First Lady of Panama
- In role June 11, 1990 – September 1, 1994
- Preceded by: Mariela de Delvalle
- Succeeded by: Dora Boyd de Perez Balladares

Personal details
- Born: May 16, 1967 (age 59)
- Spouse(s): Guillermo Endara (m. 1990–2009)

= Ana Mae Díaz =

Wife of Guillermo Endara

Ana Mae Diaz de Endara (born May 16, 1967) was the First Lady of Panama from 1990-1994.

==Relationship with Endara==
A Panamanian of Chinese origin, Diaz met future president Guillermo Endara in September 1989, while he was on hunger strike to protest the autocratic military rule of Manuel Noriega. Diaz was a law student at the time. The former First Lady-designate, Marcela Endara, Guillermo's wife of 28 years, had died in June of a heart attack while Endara was hospitalized due to a beating by Noriega's forces. International observers had reported Endara to be the clear leader in the May presidential election, and — although he had earlier showed discomfort with US patronage — during the US invasion of Panama in December, he was sworn in as president from the safety of a US military base in the Canal Zone.

Panamanian newspapers began to publish photographs of Diaz and Endara together in January 1990, and Endara told press the pair were "going out".

==First Lady of Panama==
The pair married on June 11, 1990, within 9 months of having first met, in a wedding attended by the ambassadors of various nations. Endara was reportedly so happy in the marriage that he would even be described as allegedly leaving cabinet meetings for a "quick cuddle".

Due in part to the couple's difference in ages and weights—Endara was in his mid-fifties, already a grandfather, and — despite his hunger strike — known for his weight; Ana Mae Díaz was 23—the marriage received widespread coverage and mockery in the Panamanian press, including a new nickname for Endara, El Gordo Feliz ("Happy Fatty").

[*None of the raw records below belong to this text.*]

(* Let $q\ge2$ be a prime power, $d\ge6$ and $2\le j\le d$. Then $|Q_j(d-3)|>|Q_j(d-2)|$.
   Context: Let $b=-q$. For integers $m\ge0$ and $l$, ${m\brack l}_b=\prod_{t=1}^{l}\frac{b^{m-t+1}-1}{b^t-1}$ for $l\ge0$ and $0$ for $l<0$. For $0\le i,j\le d$, $$Q_j(i)=\sum_{h=0}^{\min\{j,d-i\}}(-1)^j(-q)^{\binom{j-h}{2}+hd}{d-h\brack d-j}_b{d-i\brack h}_b,$$ the eigenvalues of the Hermitian forms graph $Q_q(d,j)$. *)

From mathcomp Require Import all_boot all_order all_algebra.
Set Implicit Arguments. Unset Strict Implicit. Unset Printing Implicit Defensive.
Import Order.TTheory GRing.Theory Num.Theory.
Local Open Scope ring_scope.

(* Gaussian binomial [m brack l]_b = prod_{t=1}^{l} (b^(m-t+1) - 1)/(b^t - 1),
   for l >= 0 (l is a nat here; negative l never occurs in Q_j(i)).
   The exponent m-t+1 is taken in int, so no truncation occurs. *)
Definition gbinom (b : rat) (m l : nat) : rat :=
  \prod_(1 <= t < l.+1) ((b ^ (m%:Z - t%:Z + 1) - 1) / (b ^+ t - 1)).

(* Q_j(i) for the Hermitian forms graph, with b = -q. *)
Definition Qeig (q d j i : nat) : rat :=
  let b : rat := - (q%:R) in
  \sum_(0 <= h < (minn j (d - i)).+1)
     ((-1) ^+ j * b ^+ ('C(j - h, 2) + h * d)%N
        * gbinom b (d - h) (d - j) * gbinom b (d - i) h).

Definition prime_power (q : nat) : Prop :=
  exists p k : nat, prime p /\ (0 < k)%N /\ q = (p ^ k)%N.

From mathcomp Require Import all_boot all_order all_algebra.
From mathcomp Require Import zify ring lra.
Set Implicit Arguments. Unset Strict Implicit. Unset Printing Implicit Defensive.
Import Order.TTheory GRing.Theory Num.Theory.
Local Open Scope ring_scope.

(* Write b = -q and t_h = b^(C(j-h,2) + h d) [d-h, d-j]_b, so that
   Q_j(i) = (-1)^j sum_h t_h [d-i, h]_b (terms with h > j vanish).  Hence
     Q_j(d-2) = (-1)^j (t_0 + [2,1] t_1 + t_2),
     Q_j(d-3) = (-1)^j (t_0 + [3,1] (t_1 + t_2) + t_3).
   The Pascal-type identity [m,l](b^(m+1) - 1) = [m+1,l](b^(m+1-l) - 1) gives the
   uniform ratio  t_(h+1) (1 - b^-(d-h)) = b^(h+1) (1 - b^-(j-h)) t_h.
   Since |b^-n| <= 2^-n, every factor 1 - b^-n is within a small explicit distance
   of 1, so after dividing by t_2 the first sum is a number in (0, 1], while the
   second one is dominated either by q^2 - q > 0 (if j = 2, where t_3 = 0) or by
   -q^3 times a factor >= 12/17 (if j >= 3); in both cases it is larger in
   absolute value.  The file proves the Gaussian-binomial facts, the expansion of
   Q_j(i) into the terms t_h and their ratios, then the real-number estimates
   (over an arbitrary real field), and finally combines them. *)

Section GaussianBinomial.
Variable b : rat.

Lemma gbinomE m l : (l <= m.+1)%N ->
  gbinom b m l = \prod_(1 <= t < l.+1) ((b ^+ (m.+1 - t) - 1) / (b ^+ t - 1)).
Proof.
move=> hl; apply: eq_big_nat => t /andP[t1 tl].
by have -> : m%:Z - t%:Z + 1 = (m.+1 - t)%N :> int by lia.
Qed.

(* [m, l]_b vanishes for l > m: the factor t = m+1 has numerator b^0 - 1. *)
Lemma gbinom_eq0 m l : (m < l)%N -> gbinom b m l = 0.
Proof.
move=> ml; apply/eqP; rewrite prodf_seq_eq0; apply/hasP; exists m.+1.
  by rewrite mem_index_iota ltnS.
by rewrite (_ : m%:Z - m.+1%:Z + 1 = 0) ?expr0z ?subrr ?mul0r //; lia.
Qed.

Lemma gbinom_numerator_shift m l : (l <= m.+1)%N ->
  \prod_(1 <= t < l.+1) (b ^+ (m.+1 - t) - 1) * (b ^+ m.+1 - 1) =
  \prod_(1 <= t < l.+1) (b ^+ (m.+2 - t) - 1) * (b ^+ (m.+1 - l) - 1).
Proof.
elim: l => [|l IH] hl; first by rewrite !big_geq // subn0.
rewrite !(big_nat_recr l.+1) //= mulrAC IH; last lia.
by have -> : (m.+2 - l.+1 = m.+1 - l)%N by lia.
Qed.

Lemma gbinom_step m l : (l <= m.+1)%N ->
  gbinom b m l * (b ^+ m.+1 - 1) = gbinom b m.+1 l * (b ^+ (m.+1 - l) - 1).
Proof.
move=> hl; rewrite gbinomE // gbinomE; last lia.
by rewrite !prodf_div mulrAC gbinom_numerator_shift // mulrAC.
Qed.

Lemma gbinom0 m : gbinom b m 0 = 1.
Proof. by rewrite /gbinom big_geq. Qed.

(* From now on no denominator b^t - 1 vanishes. *)
Hypothesis not_root_of_unity : forall k, (0 < k)%N -> b ^+ k != 1.

Lemma gbinom_neq0 m l : (l <= m)%N -> gbinom b m l != 0.
Proof.
move=> hl; rewrite gbinomE; last lia.
rewrite prodf_seq_neq0; apply/allP => t; rewrite mem_index_iota => /andP[t1 tl].
by rewrite mulf_neq0 // ?invr_eq0 subr_eq0 not_root_of_unity //; lia.
Qed.

Lemma gbinom_small :
  [/\ gbinom b 2 1 = 1 + b, gbinom b 2 2 = 1, gbinom b 3 1 = 1 + b + b ^+ 2,
      gbinom b 3 2 = 1 + b + b ^+ 2 & gbinom b 3 3 = 1].
Proof.
have [b1 b2 b3] : [/\ b - 1 != 0, b ^+ 2 - 1 != 0 & b ^+ 3 - 1 != 0].
  by split; rewrite subr_eq0 ?not_root_of_unity // -[X in X != _]expr1 not_root_of_unity.
have e2 : b ^+ 2 - 1 = (b - 1) * (1 + b) by ring.
have e3 : b ^+ 3 - 1 = (b - 1) * (1 + b + b ^+ 2) by ring.
have b2' : 1 + b != 0 by apply: contraNneq b2 => h; rewrite e2 h mulr0.
have b3' : 1 + b + b ^+ 2 != 0 by apply: contraNneq b3 => h; rewrite e3 h mulr0.
by split; rewrite gbinomE // unlock /= ?e2 ?e3 ?expr1; field; rewrite ?b1 ?b2' ?b3'.
Qed.

End GaussianBinomial.

Definition eig_term (b : rat) (d j h : nat) : rat :=
  b ^+ ('C(j - h, 2) + h * d) * gbinom b (d - h) (d - j).

(* Terms with h > j vanish, since then d - h < d - j. *)
Lemma eig_term_eq0 b d j h : (j < h)%N -> (h <= d)%N -> eig_term b d j h = 0.
Proof. by move=> jh hd; rewrite /eig_term gbinom_eq0 ?mulr0 //; lia. Qed.

Lemma Qeig_terms q d j i :
  Qeig q d j i = (-1) ^+ j *
    \sum_(0 <= h < (d - i).+1) eig_term (- q%:R) d j h * gbinom (- q%:R) (d - i) h.
Proof.
rewrite /Qeig big_distrr /=.
have termE h : (-1) ^+ j * (- q%:R) ^+ ('C(j - h, 2) + h * d)
    * gbinom (- q%:R) (d - h) (d - j) * gbinom (- q%:R) (d - i) h
  = (-1) ^+ j * (eig_term (- q%:R) d j h * gbinom (- q%:R) (d - i) h).
  by rewrite /eig_term !mulrA.
under eq_bigr do rewrite termE.
case: (leqP (d - i) j) => hj //.
rewrite (big_cat_nat (n := j.+1) (m := 0) (p := (d - i).+1)) //; last lia.
rewrite [X in _ = X]/= -[LHS]addr0; congr (_ + _); symmetry.
apply: big1_seq => h /andP[_]; rewrite mem_index_iota => /andP[jh hdi].
by rewrite eig_term_eq0 ?mul0r ?mulr0 //; lia.
Qed.

(* Consecutive terms: t_(h+1) (1 - b^-(d-h)) = b^(h+1) (1 - b^-(j-h)) t_h.
   For h = j both sides vanish; for h < j this is gbinom_step rescaled. *)
Lemma eig_term_ratio b d j h : b != 0 -> (h <= j)%N -> (j <= d)%N -> (h < d)%N ->
  eig_term b d j h.+1 * (1 - b ^- (d - h)) =
  b ^+ h.+1 * (1 - b ^- (j - h)) * eig_term b d j h.
Proof.
move=> b0 hj jd hd; case: (ltngtP h j) => [hlt | hgt | <-]; [ | lia | ].
2: by rewrite subnn expr0 invr1 subrr mulr0 mul0r eig_term_eq0 ?mul0r.
have [n jn] : exists n, (j - h = n.+1)%N by exists (j - h.+1)%N; lia.
have [k dk] : exists k, (d - h = k.+1)%N by exists (d - h.+1)%N; lia.
have step := @gbinom_step b k (d - j) ltac:(lia).
rewrite (_ : (k.+1 - (d - j) = n.+1)%N) in step; last lia.
rewrite /eig_term (_ : (j - h.+1 = n)%N); last lia.
rewrite jn dk (_ : (d - h.+1 = k)%N); last lia.
rewrite binS bin1 mulSn !exprD.
have bd : b ^+ d = b ^+ h * b ^+ k.+1 by rewrite -exprD; congr (_ ^+ _); lia.
rewrite bd (exprS b h) (exprS b n).
set B := b ^+ 'C(n, 2) * b ^+ (h * d) * b ^+ h.
have bk : b ^+ k.+1 != 0 by rewrite expf_neq0.
have bn : b ^+ n != 0 by rewrite expf_neq0.
transitivity (B * (gbinom b k (d - j) * (b ^+ k.+1 - 1))).
  by rewrite /B; field; rewrite ?bk ?bn ?b0.
by rewrite step exprS /B; field; rewrite bn b0.
Qed.

Section Numeric.
Variable R : realFieldType.
Implicit Types q v P r C : R.

Lemma pow2_le q m n : 2 <= q -> (m <= n)%N -> 2 ^+ m <= q ^+ n.
Proof.
move=> hq mn; apply: (@le_trans _ _ (2 ^+ n)); first by rewrite ler_eXn2l // ltr1n.
by rewrite lerXn2r ?nnegrE //; lra.
Qed.

Lemma negpow_norm q m n : 2 <= q -> (m <= n)%N -> `|(- q) ^- n| <= 2 ^- m.
Proof.
move=> hq mn; have q0 : 0 < q by lra.
rewrite normfV normrX normrN (ger0_norm (ltW q0)) lef_pV2 ?posrE ?exprn_gt0 //.
exact: pow2_le.
Qed.

(* b^-n <= 1/4 for n >= 1: negative for odd n, at most q^-2 for even n. *)
Lemma negpow_le_quarter q n : 2 <= q -> (0 < n)%N -> (- q) ^- n <= 1/4.
Proof.
move=> hq n0; have q0 : 0 < q by lra.
have qn0 : 0 < q ^+ n by rewrite exprn_gt0.
rewrite exprNn -signr_odd; case: (boolP (odd n)) => [_ | even_n].
  by rewrite expr1 mulN1r invrN; have := qn0; rewrite -invr_gt0; lra.
have n2 : (2 <= n)%N by case: n n0 even_n {qn0} => [|[|n]].
rewrite expr0 mul1r mul1r lef_pV2 ?posrE //; have := pow2_le hq n2; rewrite expr2; lra.
Qed.

Lemma negpow_not_root q n : 2 <= q -> (0 < n)%N -> (- q) ^+ n != 1.
Proof.
move=> hq n0; apply/eqP => h1; have := negpow_norm hq n0.
by rewrite h1 invr1 normr1 expr1 -[X in X <= _]invr1 lef_pV2 ?posrE //; lra.
Qed.

Lemma one_sub_negpow_bounds q m n : 2 <= q -> (0 < m)%N -> (m <= n)%N ->
  0 < 1 - (- q) ^- n <= 1 + 2 ^- m.
Proof.
move=> hq m0 mn; have := negpow_norm hq mn; rewrite ler_norml => /andP[lo hi].
have h2 : 2 ^- m <= 2 ^- 1 :> R by rewrite lef_pV2 ?posrE ?exprn_gt0 ?pow2_le.
rewrite expr1 in h2; apply/andP; split; lra.
Qed.

(* Q_j(d-2) / ((-1)^j t_2), written with v = 1/q, P = t_1 q^2 / t_2 and
   r = -t_0 q / t_1. *)
Definition low_sum (v P r : R) : R := 1 - P * (v - v ^+ 2) - P * r * v ^+ 3.

Lemma low_sum_bounds (v P r : R) : 0 < v <= 1/2 -> 0 <= P <= 11/8 -> 0 <= r <= 65/48 ->
  0 < low_sum v P r <= 1.
Proof.
rewrite /low_sum; move=> /andP[v0 v1] /andP[P0 P1] /andP[R0 R1].
have w0 : 0 <= v - v ^+ 2 <= 1/4 by rewrite expr2; apply/andP; split; nra.
have c0 : 0 <= v ^+ 3 <= 1/8.
  have v2 : v * v <= 1/4 by nra.
  have v3 : 0 <= v * (1/4 - v * v) by apply: mulr_ge0; [exact: ltW | rewrite subr_ge0].
  apply/andP; split; first exact: exprn_ge0 (ltW v0).
  rewrite !exprS expr0 mulr1; lra.
move: w0 c0 => /andP[w0 w1] /andP[c0 c1].
have h1 : 0 <= P * (1/4 - (v - v ^+ 2)) by apply: mulr_ge0; rewrite ?subr_ge0.
have h2 : 0 <= P * (65/48 - r) by apply: mulr_ge0; rewrite ?subr_ge0.
have h3 : 0 <= P * r * (1/8 - v ^+ 3) by apply: mulr_ge0; rewrite ?mulr_ge0 ?subr_ge0.
have h4 : 0 <= P * (v - v ^+ 2) by apply: mulr_ge0.
have h5 : 0 <= P * r * v ^+ 3 by rewrite !mulr_ge0 // ltW.
apply/andP; split; lra.
Qed.

(* When j >= 3 the cubic term -t_3 / t_2 >= (12/17) q^3 beats everything else. *)
Lemma cubic_dominates q : 2 <= q -> 27/8 + (q ^+ 2 - q) < 12/17 * q ^+ 3.
Proof. move=> hq; rewrite !exprS expr0 !mulr1; nra. Qed.

(* The main estimate after dividing by t_2: the normalized Q_j(d-3) equals the
   normalized Q_j(d-2) plus P + q^2 - q - C q^3, with C = -t_3 / (q^3 t_2). *)
Lemma normalized_gap q P r C : 2 <= q -> 0 <= P <= 11/8 -> 0 <= r <= 65/48 ->
  C = 0 \/ 12/17 <= C ->
  `|low_sum q^-1 P r| < `|low_sum q^-1 P r + P + (q ^+ 2 - q) - C * q ^+ 3|.
Proof.
move=> hq hP hR hC.
have v_bounds : 0 < q^-1 <= 1/2.
  rewrite invr_gt0 (lt_le_trans _ hq) //= mul1r lef_pV2 ?posrE //; lra.
have /andP[s0 s1] := low_sum_bounds v_bounds hP hR.
have q2 : 2 <= q ^+ 2 - q by rewrite expr2; nra.
move: hP => /andP[P0 P1].
rewrite (gtr0_norm s0); case: hC => [-> | hC].
  by rewrite mul0r subr0 gtr0_norm; lra.
have hq3 : 12/17 * q ^+ 3 <= C * q ^+ 3 by rewrite ler_wpM2r ?exprn_ge0 //; lra.
have hcub := cubic_dominates hq.
by rewrite ltr0_norm; lra.
Qed.

(* The comparison for any four numbers t_h linked by the ratio relations of
   eig_term_ratio whose factors a_h = 1 - b^-(d-h), c_h = 1 - b^-(j-h) satisfy
   the bounds that hold when d >= 6 (c_2 = 0 exactly when j = 2). *)
Lemma ratio_gap q t0 t1 t2 t3 a0 a1 a2 c0 c1 c2 : 2 <= q -> t2 != 0 ->
  0 < a0 <= 65/64 -> 0 < a1 <= 33/32 -> 0 < a2 <= 17/16 ->
  3/4 <= c0 -> 3/4 <= c1 -> c2 = 0 \/ 3/4 <= c2 ->
  t1 * a0 = - q * c0 * t0 -> t2 * a1 = (- q) ^+ 2 * c1 * t1 ->
  t3 * a2 = (- q) ^+ 3 * c2 * t2 ->
  `|t0 + (1 - q) * t1 + t2| < `|t0 + (1 - q + (- q) ^+ 2) * (t1 + t2) + t3|.
Proof.
move=> hq t2n /andP[a00 a01] /andP[a10 a11] /andP[a20 a21] hc0 hc1 hc2 r0 r1 r2.
have qn : q != 0 by apply/eqP => q0; lra.
have [a0n a1n a2n] : [/\ a0 != 0, a1 != 0 & a2 != 0] by split; apply/eqP => h; lra.
have [c0n c1n] : c0 != 0 /\ c1 != 0 by split; apply/eqP => h; lra.
have t1E : t1 = t2 * a1 / ((- q) ^+ 2 * c1) by rewrite r1; field; rewrite c1n qn.
have t0E : t0 = t1 * a0 / (- q * c0) by rewrite r0; field; rewrite c0n qn.
have t3E : t3 = (- q) ^+ 3 * c2 * t2 / a2 by rewrite -r2; field; rewrite a2n.
set s := low_sum q^-1 (a1 / c1) (a0 / c0).
have lowE : t0 + (1 - q) * t1 + t2 = t2 * s.
  by rewrite t0E t1E /s /low_sum; field; rewrite qn c0n c1n.
have highE : t0 + (1 - q + (- q) ^+ 2) * (t1 + t2) + t3 =
    t2 * (s + a1 / c1 + (q ^+ 2 - q) - c2 / a2 * q ^+ 3).
  by rewrite t0E t1E t3E /s /low_sum; field; rewrite ?qn ?c0n ?c1n ?a2n.
rewrite lowE highE !normrM ltr_pM2l ?normr_gt0 //.
apply: normalized_gap => //.
- by rewrite divr_ge0 ?ler_pdivrMr /=; lra.
- by rewrite divr_ge0 ?ler_pdivrMr /=; lra.
case: hc2 => [-> | hc2]; [left; exact: mul0r | right].
by rewrite ler_pdivlMr; lra.
Qed.

End Numeric.

Section HermitianFormsGraph.
Variables q d j : nat.
Hypothesis q_ge2 : (2 <= q)%N.

Local Notation b := (- (q%:R) : rat).
Local Notation t := (eig_term b d j).

Lemma two_le_q : 2 <= q%:R :> rat.
Proof. by rewrite ler_nat. Qed.

Lemma b_not_root k : (0 < k)%N -> b ^+ k != 1.
Proof. exact: negpow_not_root two_le_q. Qed.

Lemma Qeig_low : (2 <= d)%N ->
  Qeig q d j (d - 2) = (-1) ^+ j * (t 0 + (1 + b) * t 1 + t 2).
Proof.
move=> d2; have [g21 g22 _ _ _] := gbinom_small b_not_root.
rewrite Qeig_terms (_ : (d - (d - 2) = 2)%N); last lia.
by rewrite unlock /= gbinom0 g21 g22; ring.
Qed.

Lemma Qeig_high : (3 <= d)%N ->
  Qeig q d j (d - 3) = (-1) ^+ j * (t 0 + (1 + b + b ^+ 2) * (t 1 + t 2) + t 3).
Proof.
move=> d3; have [_ _ g31 g32 g33] := gbinom_small b_not_root.
rewrite Qeig_terms (_ : (d - (d - 3) = 3)%N); last lia.
by rewrite unlock /= gbinom0 g31 g32 g33; ring.
Qed.

(* t_2 is the normalizing term, so it must not vanish. *)
Lemma term2_neq0 : (2 <= j)%N -> t 2 != 0.
Proof.
move=> j2; rewrite /eig_term mulf_neq0 ?expf_neq0 ?gbinom_neq0 //; last lia.
- by rewrite oppr_eq0 pnatr_eq0; lia.
- exact: b_not_root.
Qed.

End HermitianFormsGraph.

(* Lemma 5.8. *)
Theorem lemma5p8 (q d j : nat) :
  prime_power q -> (2 <= q)%N -> (6 <= d)%N -> (2 <= j)%N -> (j <= d)%N ->
  `|Qeig q d j (d - 3)| > `|Qeig q d j (d - 2)|.
Proof.
move=> _ hq hd hj hjd.
have b0 : - q%:R != 0 :> rat by rewrite oppr_eq0 pnatr_eq0; lia.
have r0 := @eig_term_ratio _ d j 0 b0 (leq0n j) hjd ltac:(lia).
have r1 := @eig_term_ratio _ d j 1 b0 ltac:(lia) hjd ltac:(lia).
have r2 := @eig_term_ratio _ d j 2 b0 hj hjd ltac:(lia).
rewrite !subn0 expr1 in r0.
have a_bound m n : (0 < m)%N -> (m <= n)%N -> 0 < 1 - (- q%:R : rat) ^- n <= 1 + 2 ^- m.
  exact: one_sub_negpow_bounds (two_le_q hq).
have c_bound n : (0 < n)%N -> 3/4 <= 1 - (- q%:R : rat) ^- n.
  by move=> n0; have := negpow_le_quarter (two_le_q hq) n0; lra.
rewrite Qeig_high ?Qeig_low ?normrM ?ltr_pM2l ?normr_gt0 ?signr_eq0 //; try lia.
apply: (ratio_gap (two_le_q hq) (term2_neq0 _ hq hj) _ _ _ _ _ _ r0 r1 r2).
- by apply: (a_bound 6%N); lia.
- by apply: (a_bound 5%N); lia.
- by apply: (a_bound 4%N); lia.
- by apply: c_bound; lia.
- by apply: c_bound; lia.
have [-> | j3] := eqVneq j 2%N; last by right; apply: c_bound; lia.
by left; rewrite subnn expr0 invr1 subrr.
Qed.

In 1991, Diaz slapped a journalist for asking about her criticisms of El Salvadoran president Alfredo Christiani and Panamanian justice minister Arias Calderón. A year later, she won $125,000 in the national lottery and indicated that she intended to keep the money rather than donating it; the incident was cited as an example of the Endara's administration's lack of concern for the poor. In 1994, she was accused of reselling food that had been donated by Italy on the streets of Panama City, one of a number of financial scandals to strike the administration.

==Later life==
Endara ran for president again in 2004 and in 2009, placing second and a distant third, respectively. On September 28, 2009, he died at age 73 at his home in Panama City, of a heart attack.